Human septal cartilage was diced into cartilage chips and encased with and without fibrin glue. Four conditions were initially tested for DNA content and glycosaminoglycan (GAG) production: (1) control medium in tissue culture, (2) control medium with fibrin glue, (3) collagenase-supplemented medium in tissue culture, and (4) collagenase-supplemented medium seeded in fibrin glue. Cartilage chips cultured in collagenase-treated medium were then seeded onto either cell culture plates, suspended in alginate, or mixed with fibrin. Cellular proliferation, GAG production, and histochemistry were evaluated.

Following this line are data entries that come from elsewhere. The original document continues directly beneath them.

(* Let $M, N \geq 1$ be integers and let $\phi_1(x), \ldots, \phi_{MN}(x)$ be sufficiently differentiable $N$-vector valued functions of $x$. Let $\Phi$ be the $MN \times MN$ block Wronskian matrix $$\Phi=\begin{pmatrix} \phi_1&\phi_2&\cdots&\phi_{MN}\\ \phi_1'&\phi_2'&\cdots&\phi_{MN}'\\ \vdots&\vdots&\ddots&\vdots\\ \phi_1^{(M-1)}&\phi_2^{(M-1)}&\cdots&\phi_{MN}^{(M-1)} \end{pmatrix},$$ whose first $N$ rows are the columns $\phi_i$ and every other entry is the derivative of the entry $N$ rows above it. Suppose $\det \Phi \neq 0$, so that $\Phi^{-1}$ is defined. Let $C_0, \ldots, C_{M-1}$ be the $N\times N$ matrix functions defined by the block decomposition $$(C_0\ C_1\ \cdots\ C_{M-1}) = \left(\phi_1^{(M)}\ \cdots\ \phi_{MN}^{(M)}\right)\Phi^{-1},$$ and define the matrix differential operator $$K = I\,\partial^M - \sum_{j=0}^{M-1} C_j(x)\,\partial^j,$$ which is written in matrix notation as $K=I\,\partial^M-\left(\phi_1^{(M)}\ \cdots\ \phi_{MN}^{(M)}\right)\Phi^{-1}\begin{pmatrix} I\\ \partial I\\ \vdots\\ \partial^{M-1}I\end{pmatrix}$. Then: (a) $K$ is the unique monic MODO of order $M$ such that $K(\phi_i) = 0$ for all $1 \leq i \leq MN$. (b) If $L$ is any MODO such that $L(\phi_i) = 0$ for all $1 \leq i \leq MN$, then there exists a MODO $Q$ such that $L = Q \circ K$.
   Context: All functions are assumed to be sufficiently differentiable functions of $x$. A matrix coefficient ordinary differential operator (MODO) is a polynomial $L=\sum_{i=0}^n \alpha_i(x)\partial^i$ in $\partial$ whose coefficients $\alpha_i(x)$ are $N\times N$ matrix-valued functions of $x$. Such an operator acts on an $N$-vector valued function $f$ by $L(f)=\sum_{i=0}^n \alpha_i(x) f^{(i)}(x)$, with matrix-vector products. MODOs are added coefficientwise. They are multiplied by extending linearly the rule $$\left(\alpha(x)\partial^m\right)\circ\left(\beta(x)\partial^n\right)=\sum_{i=0}^m \binom{m}{i}\alpha(x)\beta^{(i)}(x)\partial^{m+n-i},$$ in which the products of coefficients are matrix products. With this rule, $(L\circ Q)(f) = L(Q(f))$. The order of a MODO is the highest power of $\partial$ that appears with a nonzero coefficient. A MODO of order $M$ is monic if its coefficient of $\partial^M$ is the $N\times N$ identity matrix $I$. The symbol $0$ in $L(\phi_i)=0$ denotes the zero vector. *)

From HB Require Import structures.
From mathcomp Require Import all_boot all_order all_algebra.
From mathcomp Require Import all_classical all_reals all_analysis.
Set Implicit Arguments. Unset Strict Implicit. Unset Printing Implicit Defensive.
Import Order.TTheory GRing.Theory Num.Theory.
Import numFieldNormedType.Exports.
Local Open Scope ring_scope.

Fibrin preparations increased cellular proliferation and DNA content. GAG levels were highest in collagenase-treated samples encased in fibrin. Cartilage chips treated with collagenase showed increased cellular proliferation in the fibrin preparations compared with preparations without fibrin. GAG increased with the addition of fibrin when compared with explant. Histochemistry revealed increased GAG accumulation in the regions between the cartilage chips with the addition of fibrin.
Adding fibrin glue to collagenase-treated cartilage chips results in increased proliferation and maintains ECM production and, therefore, may facilitate generation of cartilaginous tissue for use in reconstructive surgery.